WHAT IS NEEDED
Check every line below for the string "rewrite", and copy the lines that contain it.

Dataset entries:
============
Lemma profile_between_stable_sizes i :
  exists2 chi1, stable_indiv L chi1 &
  exists2 chi2, stable_indiv L chi2 & #|chi1 i|%:R <= h i <= #|chi2 i|%:R.
Proof.
have [f1 round_f1 le1] := exists_rounding_load_le i.
have [f2 round_f2 le2] := exists_rounding_load_ge i.
exists (bundle f1); first exact: rounding_stable.
by exists (bundle f2); [exact: rounding_stable | rewrite le1 le2].
Qed.

End StableFractional.

Theorem lemma7 (R : realFieldType) (n m : nat) (L : 'I_n -> {set 'I_m})
    (x : 'I_m -> 'I_n -> R) :
  stable_frac L x ->
  (forall (d : nat) (i : 'I_n), in_layer L d i -> profile x i = d%:R) /\
  (forall (d : nat) (i : 'I_n), (1 <= d)%N -> in_layer_minus L d i ->
     (d.-1)%:R <= profile x i <= d%:R).
Proof.
move=> stable_x; split=> [d i layer_i | d i _ [sizes _ _]];
  have [chi1 stable1 [chi2 stable2 /andP[le1 le2]]] := profile_between_stable_sizes stable_x i.
  by apply/eqP; rewrite eq_le -{1}(layer_i _ stable2) -(layer_i _ stable1) le2 le1.
have size_le c : c = d.-1 \/ c = d -> (d.-1 <= c <= d)%N by case=> ->; rewrite leq_pred ?leqnn.
have /andP[lo1 _] := size_le _ (sizes _ stable1); have /andP[_ hi2] := size_le _ (sizes _ stable2).
by rewrite (le_trans _ le1) ?ler_nat // (le_trans le2) ?ler_nat.
Qed.
(* Lauricella F_D^(n)(a; b_1..b_n; c; x_1..x_n), for real parameters with
   c > a > 0 and real x_i < 1, given by Euler's integral representation
   (the analytic continuation of the defining power series):
   Gamma(c)/(Gamma(a)Gamma(c-a)) int_0^1 u^(a-1) (1-u)^(c-a-1)
       prod_i (1 - x_i u)^(-b_i) du. *)
Definition lauricellaFD (R : realType) (n : nat) (a : R) (b : 'I_n -> R) (c : R)
    (x : 'I_n -> R) : \bar R :=
  ((\int[@lebesgue_measure R]_(u in `]0%R, 1%R[)
      (u `^ (a - 1) * (1 - u) `^ (c - a - 1)
       * \prod_(i < n) (1 - x i * u) `^ (- b i))%:E) / betaR a (c - a))%E.

(* With t = (u^2 - b) / (y^2 - b) the left integrand becomes a constant
   multiple of t^(-1/2) K(t), where
   K(t) = (1 + p t)^-1 (1 - q t)^(-1/2) (1 + r t)^(-1/2),
   p = (y^2 - b)/b, q = (y^2 - b)/(a - b), r = (y^2 - b)/(b - c), is the
   product in Euler's integral for F_D^(3) at these parameters, and
   B(1/2, 1) = 2.  Both integrands blow up at an endpoint, so the two sides
   are evaluated by an improper fundamental theorem of calculus on an open
   interval, with the common primitive t |-> G(sqrt t), where G is a
   primitive of w |-> 2 K(w^2); the substitution w = sqrt t removes the
   singularity at t = 0. *)
From HB Require Import structures.
From mathcomp Require Import all_boot all_order all_algebra.
From mathcomp Require Import all_classical all_reals all_analysis.
From mathcomp Require Import ring lra measurable_realfun.
Import Order.TTheory GRing.Theory Num.Theory.
Import numFieldNormedType.Exports.
Local Open Scope classical_set_scope.
Local Open Scope ring_scope.

Section FTC_open_interval.
Context {R : realType}.
Notation mu := (@lebesgue_measure R).

Lemma is_derive_continuous {V : normedModType R} (f : R -> V) (x : R) (df : V) :
  is_derive x 1 f df -> {for x, continuous f}.
Proof.
by move=> fdf; apply/differentiable_continuous/derivable1_diffP; exact: ex_derive.
Qed.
============
YOUR RESPONSE
by exists (bundle f2); [exact: rounding_stable | rewrite le1 le2].
  by apply/eqP; rewrite eq_le -{1}(layer_i _ stable2) -(layer_i _ stable1) le2 le1.
have size_le c : c = d.-1 \/ c = d -> (d.-1 <= c <= d)%N by case=> ->; rewrite leq_pred ?leqnn.
by rewrite (le_trans _ le1) ?ler_nat // (le_trans le2) ?ler_nat.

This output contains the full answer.